On the climate front, Seafields is part of the Beacon Farm Network, which entails measuring the farm’s carbon footprint, which James sees as essential.
Photo credit: Farmers Weekly
Seafields mainly comprises free-draining, sandy-loam soils prone to drought and nutrient loss. However, James is offsetting those losses by using free nutrients from seaweed to reinvigorate soils.
On average, leys last 10 years and any that fall below that average will be reseeded. Grass is sprayed off and composted, with seaweed and manure applied before the field is ploughed and sown with a break crop of winter barley in October. The field is then returned to grass after harvest.
The inclusion of multi-species swards and red clover and ryegrasses in leys is lowering nitrogen use. Fertiliser use has remained at 75 kg N/ha after each silage cut and 20 kg N/ha per grazing.
"Grassland management is the crux of our farm business. Having the top-performing Aber High Sugar Grasses in our bespoke mixtures is essential for both maximising grass production and stock performance,” James explains.
"We are currently using Germinal's red clover mixture and have found it to be an excellent product. It’s very much part of our plans going forward as we seek to reduce our nitrogen usage and increase our homegrown protein."
At Seafields, multi-species and red clover only receive slurry, which is obtained from a neighbouring dairy farm. Slurry is applied to silage ground using low-emissions spreading equipment. Applying granular lime beforehand and CAN fertiliser to reseeds has helped lift soil pH to 6.5, with the entire farm soil tested annually.
Surplus grass is baled rather than attempting to graze higher covers. This quality forage is fed during periods of grass shortages and in winter. Along with taking three quality cuts of silage, this has helped lower concentrate use from 1.3 t/head to 0.6 t/head.
Seafields has transitioned from set stocking to rotational grazing. By pre-mowing and fencing off half a paddock at a time, utilisation has greatly improved.
He also rotates silage ground and grazing paddocks, reporting this has helped with maintaining his wedge and optimises flexibility if faced with weather challenges.
James explained that this also keeps the dock population down and helps manage the worm burden with faecal egg counts (FECs) taken to inform worming policies.
Effective grassland management has helped farm profitability treble in nine years by increasing stocking rates by 40% and lowering inputs by doubling grass production from 6 t DM/ha to 12t DM/ha.

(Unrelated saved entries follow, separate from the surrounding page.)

(* Let $n, r$ be positive integers with $n\geqslant\lceil r/2\rceil+2$. Then $m(L(K_n),r)\geqslant\lfloor (r+2)^2/8\rfloor$.
   Context: All graphs are finite, simple and undirected. For a nonnegative integer $r$ and a graph $G$, the $r$-neighbor bootstrap percolation process on $G$ starts with a set $A_0\subseteq V(G)$ of initially active vertices, and for $i\geqslant 1$, $A_i=A_{i-1}\cup\{v\in V(G) : |N(v)\cap A_{i-1}|\geqslant r\}$, where $N(v)$ is the set of neighbors of $v$. The set $A_0$ is a percolating set if $\bigcup_{i\geqslant 0}A_i=V(G)$; $m(G,r)$ is the minimum size of a percolating set. $L(G)$ is the line graph of $G$ (vertex set $E(G)$, two vertices adjacent iff the edges share an endpoint), and $K_n$ is the complete graph on $n$ vertices. *)

From mathcomp Require Import all_boot.
From mathcomp Require Import boolp.
Set Implicit Arguments. Unset Strict Implicit. Unset Printing Implicit Defensive.

(* A finite simple graph: vertex type T with adjacency relation e
   (assumed symmetric and irreflexive where it matters). *)

Definition nbhd (T : finType) (e : rel T) (v : T) : {set T} := [set u | e v u].

Definition bp_step (T : finType) (e : rel T) (r : nat) (A : {set T}) : {set T} :=
  A :|: [set v | r <= #|nbhd e v :&: A|].

Definition bp_iter (T : finType) (e : rel T) (r : nat) (A0 : {set T}) (i : nat) :=
  iter i (bp_step e r) A0.

(* A0 percolates iff the union of all A_i is V(G), i.e. some A_i = V(G)
   (the A_i are increasing). *)
Definition percolating (T : finType) (e : rel T) (r : nat) (A0 : {set T}) : Prop :=
  forall v : T, exists i, v \in bp_iter e r A0 i.

(* m(G, r): the minimum size of a percolating set.  V(G) itself percolates,
   so taking the min with default #|T| gives exactly the minimum. *)
Definition m_perc (T : finType) (e : rel T) (r : nat) : nat :=
  \big[minn/#|T|]_(A : {set T} | `[< percolating e r A >]) #|A|.

(* The line graph of K_n: vertices are the edges of K_n, i.e. 2-element subsets
   of 'I_n; two are adjacent iff they are distinct and share an endpoint. *)
Definition KnEdge (n : nat) := {S : {set 'I_n} | #|S| == 2}.

Definition LKn_adj (n : nat) : rel (KnEdge n) :=
  fun x y => (x != y) && ~~ [disjoint val x & val y].

From mathcomp Require Import all_boot zify.
From mathcomp Require Import boolp.
Set Implicit Arguments. Unset Strict Implicit. Unset Printing Implicit Defensive.

(* Induction on r, restricting the process to the edges of a clique K_W.
   If A does not contain all of K_W, some edge f = {a, b} of K_W becomes
   active in the first round, so f has at least r active neighbours, all of
   them touching f.  Deleting a and b leaves the clique K_(W - f), on which
   the restricted process still percolates with threshold r - 4, because an
   edge disjoint from f has only four neighbours touching f.  Hence
   |A ∩ K_W| >= r + |A ∩ K_(W - f)| >= r + (r - 2)^2/8 = (r + 2)^2/8; the
   base case A ⊇ K_W is the bound C(|W|, 2) >= (r + 2)^2/8. *)

Section BootstrapOn.

Variables (T : finType) (adj : rel T).

Definition bp_step_on (D : {set T}) (q : nat) (B : {set T}) : {set T} :=
  B :|: [set v in D | q <= #|nbhd adj v :&: B|].

Definition bp_iter_on (D : {set T}) (q : nat) (A : {set T}) (i : nat) : {set T} :=
  iter i (bp_step_on D q) (A :&: D).

Definition percolating_on (D : {set T}) (q : nat) (A : {set T}) : Prop :=
  forall v, v \in D -> exists i, v \in bp_iter_on D q A i.

Lemma bp_iter_onS (D : {set T}) q (A : {set T}) i :
  bp_iter_on D q A i.+1 = bp_step_on D q (bp_iter_on D q A i).
Proof. by []. Qed.

Lemma bp_iter_on_sub (D : {set T}) q (A : {set T}) i : bp_iter_on D q A i \subset D.
Proof.
elim: i => [|i IHi]; first exact: subsetIr.
rewrite bp_iter_onS /bp_step_on subUset IHi.
by apply/subsetP => v; rewrite inE => /andP[].
Qed.

Lemma bp_iter_onT q (A : {set T}) i : bp_iter_on [set: T] q A i = bp_iter adj q A i.
Proof.
elim: i => [|i IHi]; first by rewrite /bp_iter_on /= setIT.
by rewrite bp_iter_onS IHi; apply/setP => v; rewrite !inE.
Qed.

Lemma percolating_onT q (A : {set T}) : percolating adj q A -> percolating_on [set: T] q A.
Proof. by move=> percA v _; have [i vi] := percA v; exists i; rewrite bp_iter_onT. Qed.

Lemma bp_on_first_step (D : {set T}) q (A : {set T}) :
  percolating_on D q A -> ~~ (D \subset A) ->
  exists2 f, f \in D :\: A & q <= #|nbhd adj f :&: (A :&: D)|.
Proof.
move=> perc; apply: contraNP => stuck; apply/subsetP => v vD.
have fixA : bp_step_on D q (A :&: D) = A :&: D.
  apply/setUidPl/subsetP => f; rewrite inE => /andP[fD hf].
  rewrite inE fD andbT; apply/negPn/negP => fA.
  by apply: stuck; exists f => //; exact/setDP.
have [i] := perc v vD.
by rewrite /bp_iter_on (iter_fix _ fixA) => /setIP[].
Qed.

(* Once D' is cut out of D, a vertex of D' loses at most k active
   neighbours, so lowering the threshold by k keeps it activated. *)
Lemma bp_iter_on_restrict (D D' : {set T}) q k (A : {set T}) :
  D' \subset D -> (forall x, x \in D' -> #|nbhd adj x :&: (D :\: D')| <= k) ->
  forall i, bp_iter_on D q A i :&: D' \subset bp_iter_on D' (q - k) A i.
Proof.
move=> sD'D few; elim=> [|i IHi].
  by apply/subsetP => x; rewrite !inE => /andP[/andP[-> _] ->].
apply/subsetP => x /setIP[+ xD']; rewrite bp_iter_onS inE => /orP[xB|].
  by rewrite bp_iter_onS inE (subsetP IHi) // inE xB.
rewrite inE => /andP[_ hx]; rewrite bp_iter_onS inE; apply/orP; right.
rewrite inE xD' leq_subLR; apply: leq_trans hx _; rewrite addnC.
set Nx := nbhd adj x.
apply: (@leq_trans #|(Nx :&: bp_iter_on D' (q - k) A i) :|: (Nx :&: (D :\: D'))|).
  apply/subset_leq_card/subsetP => y /setIP[yx yB].
  have yD := subsetP (bp_iter_on_sub D q A i) y yB.
  have [yD'|yD'] := boolP (y \in D').
    by rewrite inE inE yx (subsetP IHi) // inE yB.
  by rewrite inE orbC inE yx !inE yD' yD.
exact: leq_trans (leq_card_setU _ _) (leq_add (leqnn _) (few x xD')).
Qed.

Lemma percolating_on_restrict (D D' : {set T}) q k (A : {set T}) :
  D' \subset D -> (forall x, x \in D' -> #|nbhd adj x :&: (D :\: D')| <= k) ->
  percolating_on D q A -> percolating_on D' (q - k) A.
Proof.
move=> sD'D few percA v vD'; have [i vi] := percA v (subsetP sD'D v vD').
by exists i; apply: (subsetP (bp_iter_on_restrict q A sD'D few i)); rewrite inE vi.
Qed.

Lemma m_perc_ge r b :
  b <= #|T| -> (forall A, percolating adj r A -> b <= #|A|) -> b <= m_perc adj r.
Proof.
move=> bT bA; rewrite /m_perc; elim/big_ind: _ => // [x y bx by'|A /asboolP/bA //].
by rewrite leq_min bx.
Qed.

End BootstrapOn.

Lemma sqr_div8_le_bin2 q w : (q + 1) %/ 2 + 2 <= w -> (q + 2) ^ 2 %/ 8 <= 'C(w, 2).
Proof. rewrite bin2; nia. Qed.

Lemma sqr_div8_rec q : (q + 2) ^ 2 %/ 8 <= (q - 4 + 2) ^ 2 %/ 8 + q.
Proof. nia. Qed.

Section CliqueEdges.

Variable n : nat.

Definition edges_in (W : {set 'I_n}) : {set KnEdge n} := [set e : KnEdge n | val e \subset W].

Lemma edges_inT : edges_in [set: 'I_n] = [set: KnEdge n].
Proof. by apply/setP => e; rewrite !inE subsetT. Qed.

Lemma edges_inS (W W' : {set 'I_n}) : W' \subset W -> edges_in W' \subset edges_in W.
Proof. by move=> sW'W; apply/subsetP => e; rewrite !inE => /subset_trans; apply. Qed.

Lemma card_edges_in (W : {set 'I_n}) : #|edges_in W| = 'C(#|W|, 2).
Proof.
rewrite -cards_draws -(card_imset _ val_inj); apply: eq_card => S.
rewrite inE; apply/imsetP/andP => [[e] | [SW S2]].
  by rewrite inE => eW ->; rewrite eW (valP e).
by exists (exist _ S S2); rewrite // inE.
Qed.

Lemma card_edges_meeting (X Y : {set 'I_n}) : [disjoint X & Y] ->
  #|[set h : KnEdge n | ~~ [disjoint val h & X] && ~~ [disjoint val h & Y]]|
    <= #|X| * #|Y|.
Proof.
move=> dXY; rewrite -(card_imset _ val_inj) -cardsX.
apply: leq_trans (leq_imset_card (fun p : 'I_n * 'I_n => [set p.1; p.2]) _).
apply/subset_leq_card/subsetP => S /imsetP[h]; rewrite inE => /andP[hX hY] ->.
move: hX hY; rewrite -!setI_eq0 => /set0Pn[u /setIP[uh uX]] /set0Pn[v /setIP[vh vY]].
have uv : u != v.
  apply: contraTneq dXY => Euv; rewrite -setI_eq0; apply/set0Pn.
  by exists u; rewrite inE uX Euv vY.
apply/imsetP; exists (u, v); first by rewrite inE /= uX vY.
apply/eqP; rewrite /= eq_sym eqEcard subUset !sub1set uh vh /=.
by rewrite cards2 uv (eqP (valP h)).
Qed.

Section DeleteEdge.

Variables (W : {set 'I_n}) (f : KnEdge n).
Let W' := W :\: val f.

Lemma card_delete_edge : f \in edges_in W -> #|W'| = #|W| - 2.
Proof. by rewrite inE cardsD => /setIidPr ->; rewrite (eqP (valP f)). Qed.

Lemma edges_in_delete_edge (h : KnEdge n) :
  h \in edges_in W -> (h \in edges_in W') = [disjoint val h & val f].
Proof. by rewrite !inE /W' setDE subsetI -disjoints_subset => ->. Qed.

Lemma card_nbhd_delete_edge (x : KnEdge n) : x \in edges_in W' ->
  #|nbhd (@LKn_adj n) x :&: (edges_in W :\: edges_in W')| <= 4.
Proof.
move=> xW'; have xW := subsetP (edges_inS (subsetDl W (val f))) x xW'.
have dxf : [disjoint val x & val f] by rewrite -edges_in_delete_edge.
have := card_edges_meeting dxf; rewrite (eqP (valP x)) (eqP (valP f)).
apply: leq_trans.
apply/subset_leq_card/subsetP => h /setIP[+ /setDP[hW hW']].
rewrite /nbhd inE /LKn_adj => /andP[_ dxh].
by rewrite inE disjoint_sym dxh -edges_in_delete_edge.
Qed.

Lemma card_edges_in_delete_edge (A : {set KnEdge n}) :
  #|A :&: edges_in W'| + #|nbhd (@LKn_adj n) f :&: (A :&: edges_in W)|
    <= #|A :&: edges_in W|.
Proof.
rewrite -(cardsID (edges_in W') (A :&: edges_in W)) leq_add //.
  apply/subset_leq_card/subsetP => h /setIP[hA hW'].
  by rewrite !in_setI hA hW' (subsetP (edges_inS (subsetDl W (val f)))).
apply/subset_leq_card/subsetP => h /setIP[+ hAW]; rewrite /nbhd inE /LKn_adj.
move=> /andP[_ dfh]; move: (hAW) => /setIP[_ hW].
by rewrite in_setD hAW edges_in_delete_edge // disjoint_sym dfh.
Qed.

End DeleteEdge.

End CliqueEdges.

Lemma clique_percolation_bound n q (W : {set 'I_n}) (A : {set KnEdge n}) :
  (q + 1) %/ 2 + 2 <= #|W| ->
  percolating_on (@LKn_adj n) (edges_in W) q A ->
  (q + 2) ^ 2 %/ 8 <= #|A :&: edges_in W|.
Proof.
elim/ltn_ind: q W A => q IHq W A hW perc.
have [sWA|] := boolP (edges_in W \subset A).
  by rewrite (setIidPr sWA) card_edges_in; exact: sqr_div8_le_bin2.
case/(bp_on_first_step perc) => f /setDP[fW _] hf.
pose W' := W :\: val f.
have percW' : percolating_on (@LKn_adj n) (edges_in W') (q - 4) A.
  apply: percolating_on_restrict perc; first exact/edges_inS/subsetDl.
  exact: card_nbhd_delete_edge.
have IH : (q - 4 + 2) ^ 2 %/ 8 <= #|A :&: edges_in W'|.
  have [q_small|q_large] := ltnP q 4; first by rewrite (_ : q - 4 = 0) //; lia.
  apply: IHq percW'; first lia.
  by rewrite card_delete_edge //; lia.
apply: leq_trans (sqr_div8_rec q) (leq_trans _ (card_edges_in_delete_edge W f A)).
exact: leq_add IH hf.
Qed.

Theorem lemma5p3 (n r : nat) :
  0 < n -> 0 < r -> (r + 1) %/ 2 + 2 <= n ->
  (r + 2) ^ 2 %/ 8 <= m_perc (@LKn_adj n) r.
Proof.
move=> _ _ hn; have cardW : #|[set: 'I_n]| = n by rewrite cardsT card_ord.
apply: m_perc_ge => [|A percA].
  by rewrite -cardsT -edges_inT card_edges_in cardW; exact: sqr_div8_le_bin2.
rewrite -(setIT A) -edges_inT; apply: clique_percolation_bound; first by rewrite cardW.
by rewrite edges_inT; exact: percolating_onT.
Qed.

“Ten years ago, I would have described this farm as one where we kept beef and sheep. Today, I would say this is a grassland farm where beef and sheep keep us,” James says.
Calves are bought in at two weeks old in October and November and reared on milk powder in a purpose-built shed until they weigh 100 kg. The calves spend their first winter on a home-mix of barley and soya hulls and are transitioned to red clover silage ahead of turnout in March.
Stock classes match grass growth well with lambs finished as the demand from cattle intensifies. Excellent grass utilisation of 86% is achieved by pre-mowing every cattle paddock from the third rotation and every other rotation thereafter. Post-weaning, fit ewes follow lambs.
Stock get weighed at regular intervals and ewes regularly body condition scored to ensure they are at the target BCS 3. This informs future grazing and breeding decisions with sire performance compared.
Days to slaughter has consistently lowered year-on-year since 2016, due to improved grassland management and genetic selection of sheep. Lambs from birth to weaning grew at 290 g/day in 2023 while second-year heifers are averaging 1.1 kg daily.